[Stored data entries]
---+---

Lemma Cmod_cexp_sub1_sub_le (h : C) : Cmod h <= 1/2 -> Cmod (cexp h - 1 - h) <= 5 * Cmod h ^ 2.
Proof.
  intros Hh. destruct (Rabs_Re_Im_le h) as [Ha Hb].
  rewrite Cmod2_alt. destruct h as [a b]. unfold Re, Im in *; cbn [fst snd] in *.
  destruct (exp_sub1_bounds a ltac:(lra)) as [Ea [Ea1 Ea2]].
  pose proof (Rabs_cos_sub1_le b ltac:(lra)) as Cb. pose proof (Rabs_sin_sub_le b ltac:(lra)) as Sb.
  pose proof (exp_pos a).
  eapply Rle_trans; [apply Cmod_le_Rabs_Re_Im|].
  replace (Re (cexp (a, b) - 1 - (a, b))) with (exp a * (cos b - 1) + (exp a - 1 - a))
    by (unfold cexp, Re; simpl; ring).
  replace (Im (cexp (a, b) - 1 - (a, b))) with (exp a * (sin b - b) + b * (exp a - 1))
    by (unfold cexp, Im; simpl; ring).
  eapply Rle_trans; [apply Rplus_le_compat; apply Rabs_triang|].
  rewrite !Rabs_mult, (Rabs_pos_eq (exp a)), (Rabs_pos_eq (exp a - 1 - a)) by lra.
  assert (Rabs b * Rabs (exp a - 1) <= Rabs b * (2 * Rabs a))
    by (apply Rmult_le_compat_l; [apply Rabs_pos | exact Ea1]).
  assert (2 * (Rabs b * Rabs a) <= a ^ 2 + b ^ 2).
  { rewrite <- (pow2_abs a), <- (pow2_abs b). pose proof (pow2_ge_0 (Rabs a - Rabs b)). nra. }
  assert (exp a * Rabs (cos b - 1) <= 2 * b ^ 2)
    by (apply Rmult_le_compat; try lra; apply Rabs_pos).
  assert (exp a * Rabs (sin b - b) <= 2 * b ^ 2)
    by (apply Rmult_le_compat; try lra; apply Rabs_pos).
  nra.
Qed.

(* The principal logarithm; it is only used on the half plane [0 < Re v]. *)
Definition clog (v : C) : C := (ln (Cmod v), atan (Im v / Re v)).

Lemma cexp_clog (v : C) : 0 < Re v -> cexp (clog v) = v.
Proof.
  intros H. pose proof (Cmod_pos_of_Re_pos v H) as Hm.
  destruct v as [x y]. unfold Re, Im in *; cbn [fst snd] in *.
  unfold cexp, clog, Re, Im; cbn [fst snd].
  rewrite exp_ln, cos_atan, sin_atan by exact Hm.
  assert (E : sqrt (1 + (y / x)²) = Cmod (x, y) / x).
  { unfold Cmod; cbn [fst snd].
    replace (x ^ 2 + y ^ 2) with (x² * (1 + (y / x)²)) by (unfold Rsqr; field; lra).
    rewrite sqrt_mult_alt, sqrt_Rsqr by (try apply Rle_0_sqr; lra). field. lra. }
  rewrite E. f_equal; field; split; lra.
Qed.

Lemma clog_locally_lipschitz (v : C) : 0 < Re v -> exists K, 0 < K /\
  forall h : C, Cmod h <= Re v / 2 -> Cmod (clog (v + h) - clog v) <= K * Cmod h.
Proof.
  intros Hv. pose proof (Cmod_pos_of_Re_pos v Hv) as Hm.
  destruct v as [x y]. unfold Re, Im in *; cbn [fst snd] in *.
  exists (2 / Cmod (x, y) + 2 * (x + Rabs y) / x ^ 2). split.
  { pose proof (Rabs_pos y). apply Rplus_lt_le_0_compat; [apply Rdiv_lt_0_compat; lra|].
    apply Rmult_le_pos; [lra|]. left; apply Rinv_0_lt_compat; nra. }
  intros h Hh. destruct (Rabs_Re_Im_le h) as [Ha Hb].
  destruct h as [a b]. unfold Re, Im in *; cbn [fst snd] in *.
  pose proof (proj1 (Rabs_Re_Im_le (x, y))) as Hx. unfold Re in Hx; cbn [fst] in Hx.
  rewrite Rabs_pos_eq in Hx by lra.
  pose proof (Rabs_pos y). pose proof (Rle_abs (- a)). rewrite Rabs_Ropp in *.
  change ((x, y) + (a, b))%C with (x + a, y + b).
  eapply Rle_trans; [apply Cmod_le_Rabs_Re_Im|]. unfold clog, Re, Im; cbn [fst snd].
  rewrite Rmult_plus_distr_r. apply Rplus_le_compat.
  - assert (Hd : Rabs (Cmod (x + a, y + b) - Cmod (x, y)) <= Cmod (a, b)).
    { replace (a, b) with (Cminus (x + a, y + b) (x, y))
        by (unfold Cminus, Cplus, Copp; cbn; f_equal; ring).
      apply Rabs_Cmod_sub_le. }
    eapply Rle_trans; [apply Rabs_ln_sub_le; [lra|]|].
    + apply Rabs_le_between in Hd. lra.
    + apply Rmult_le_compat_l; [|exact Hd]. apply Rlt_le, Rdiv_lt_0_compat; lra.
  - eapply Rle_trans; [apply Rabs_atan_sub_le|].
    replace ((y + b) / (x + a) - y / x) with ((b * x - y * a) / (x * (x + a))) by (field; lra).
    assert (Hnum : Rabs (b * x - y * a) <= (x + Rabs y) * Cmod (a, b)).
    { eapply Rle_trans; [apply Rabs_triang|].
      rewrite Rabs_Ropp, !Rabs_mult, (Rabs_pos_eq x) by lra. nra. }
    rewrite Rabs_div, Rabs_mult, (Rabs_pos_eq x), (Rabs_pos_eq (x + a)) by nra.
    apply Rle_trans with ((x + Rabs y) * Cmod (a, b) / (x * (x / 2))).
    + unfold Rdiv. apply Rmult_le_compat; try lra.
      * apply Rabs_pos.
      * left. apply Rinv_0_lt_compat. nra.
      * apply Rinv_le_contravar; nra.
    + right. field. lra.
Qed.

Lemma is_derive_C_intro (f : C -> C) (z l : C) :
  (forall eps, 0 < eps -> exists d, 0 < d /\
     forall h : C, Cmod h < d -> Cmod (f (z + h)%C - f z - l * h) <= eps * Cmod h) ->
  @is_derive C_AbsRing C_AbsNM f z l.
Proof.
  intros Hf. split; [apply is_linear_scal_l|].
  intros x Hx eps.
  assert (Hzx : z = x) by exact (@is_filter_lim_locally_unique C_AbsRing C_AbsNM z x Hx).
  subst x.
  destruct (Hf eps (cond_pos eps)) as [d [Hd Hfd]].
  exists (mkposreal d Hd). intros y Hy.
  change (Cmod (y - z) < d) in Hy.
  specialize (Hfd (y - z)%C Hy).
  assert (E : forall u w : C, (u + (w - u))%C = w) by (intros; ring). rewrite E in Hfd.
  change (Cmod (f y - f z - (y - z) * l) <= eps * Cmod (y - z)).
  rewrite Cmult_comm. exact Hfd.
Qed.

Lemma is_derive_C_quadratic (f : C -> C) (z l : C) (M d : R) : 0 < d ->
  (forall h : C, Cmod h < d -> Cmod (f (z + h)%C - f z - l * h) <= M * Cmod h ^ 2) ->
  @is_derive C_AbsRing C_AbsNM f z l.
Proof.
  intros Hd Hf. apply is_derive_C_intro. intros eps Heps.
  assert (HM : 0 < Rabs M + 1) by (pose proof (Rabs_pos M); lra).
  exists (Rmin d (eps / (Rabs M + 1))). split.
  { apply Rmin_glb_lt; [lra | apply Rdiv_lt_0_compat; lra]. }
  intros h Hh.
  pose proof (Rmin_l d (eps / (Rabs M + 1))). pose proof (Rmin_r d (eps / (Rabs M + 1))).
  pose proof (Cmod_ge_0 h). pose proof (Rle_abs M).
  eapply Rle_trans; [apply Hf; lra|].
  assert (Hh' : Cmod h * (Rabs M + 1) <= eps).
  { assert (Hh2 : Cmod h <= eps / (Rabs M + 1)) by lra.
    apply (Rmult_le_compat_r (Rabs M + 1)) in Hh2; [|lra].
    unfold Rdiv in Hh2. rewrite Rmult_assoc, Rinv_l in Hh2 by lra. lra. }
  assert (M * Cmod h ^ 2 <= Rabs M * Cmod h ^ 2)
    by (apply Rmult_le_compat_r; [apply pow2_ge_0 | lra]).
  nra.
Qed.

Lemma is_derive_cexp (w : C) : @is_derive C_AbsRing C_AbsNM cexp w (cexp w).
Proof.
  apply (is_derive_C_quadratic _ _ _ (5 * exp (Re w)) (1/2)); [lra|]. intros h Hh.
  rewrite cexp_add.
  replace (cexp w * cexp h - cexp w - cexp w * h)%C with (cexp w * (cexp h - 1 - h))%C by ring.
  rewrite Cmod_mult, Cmod_cexp.
  replace (5 * exp (Re w) * Cmod h ^ 2) with (exp (Re w) * (5 * Cmod h ^ 2)) by ring.
  apply Rmult_le_compat_l; [left; apply exp_pos|]. apply Cmod_cexp_sub1_sub_le. lra.
Qed.

Lemma is_derive_clog (v : C) : 0 < Re v ->
  @is_derive C_AbsRing C_AbsNM clog v (/ v)%C.
Proof.
  intros Hv. pose proof (Cmod_pos_of_Re_pos v Hv) as Hm.
  assert (Hv0 : v <> 0%C) by (intros E; rewrite E, Cmod_0 in Hm; lra).
  destruct (clog_locally_lipschitz v Hv) as [K [HK HKv]].
  apply (is_derive_C_quadratic _ _ _ (5 * K ^ 2) (Rmin (Re v / 2) (/ (2 * K)))).
  { apply Rmin_glb_lt; [lra|]. apply Rinv_0_lt_compat; lra. }
  intros h Hh.
  pose proof (Rmin_l (Re v / 2) (/ (2 * K))). pose proof (Rmin_r (Re v / 2) (/ (2 * K))).
  pose proof (Cmod_ge_0 h).
  specialize (HKv h ltac:(lra)).
  set (k := (clog (v + h) - clog v)%C) in *.
  assert (Hvh : 0 < Re (v + h)%C).
  { destruct (Rabs_Re_Im_le h) as [Ha _]. apply Rabs_le_between in Ha.
    unfold Re in *; destruct v, h; simpl in *. lra. }
  assert (Ek : (v + h)%C = (cexp k * v)%C).
  { rewrite <- (cexp_clog v Hv) at 2. rewrite <- cexp_add. unfold k.
    replace (clog (v + h) - clog v + clog v)%C with (clog (v + h)) by ring.
    symmetry. apply cexp_clog, Hvh. }
  assert (Eh : (/ v * h)%C = (cexp k - 1)%C).
  { replace h with ((v + h) - v)%C by ring. rewrite Ek. field. exact Hv0. }
  rewrite Eh. replace (k - (cexp k - 1))%C with (- (cexp k - 1 - k))%C by ring.
  rewrite Cmod_opp.
  assert (Hk : Cmod k <= 1 / 2).
  { assert (HKh : K * Cmod h <= K * / (2 * K)) by (apply Rmult_le_compat_l; lra).
    replace (K * / (2 * K)) with (1 / 2) in HKh by (field; lra). lra. }
  eapply Rle_trans; [apply Cmod_cexp_sub1_sub_le, Hk|].
  pose proof (Cmod_ge_0 k).
  replace (5 * K ^ 2 * Cmod h ^ 2) with (5 * (K * Cmod h) ^ 2) by ring.
  apply Rmult_le_compat_l; [lra|]. apply pow_incr. lra.
Qed.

---+---

ABOUT THIS TASK: Nothing but the lines above from the one containing "assert (HM : 0" through the one containing "assert (M *" should appear in the answer, each repeated exactly.

TASK RESPONSE:
  assert (HM : 0 < Rabs M + 1) by (pose proof (Rabs_pos M); lra).
  exists (Rmin d (eps / (Rabs M + 1))). split.
  { apply Rmin_glb_lt; [lra | apply Rdiv_lt_0_compat; lra]. }
  intros h Hh.
  pose proof (Rmin_l d (eps / (Rabs M + 1))). pose proof (Rmin_r d (eps / (Rabs M + 1))).
  pose proof (Cmod_ge_0 h). pose proof (Rle_abs M).
  eapply Rle_trans; [apply Hf; lra|].
  assert (Hh' : Cmod h * (Rabs M + 1) <= eps).
  { assert (Hh2 : Cmod h <= eps / (Rabs M + 1)) by lra.
    apply (Rmult_le_compat_r (Rabs M + 1)) in Hh2; [|lra].
    unfold Rdiv in Hh2. rewrite Rmult_assoc, Rinv_l in Hh2 by lra. lra. }
  assert (M * Cmod h ^ 2 <= Rabs M * Cmod h ^ 2)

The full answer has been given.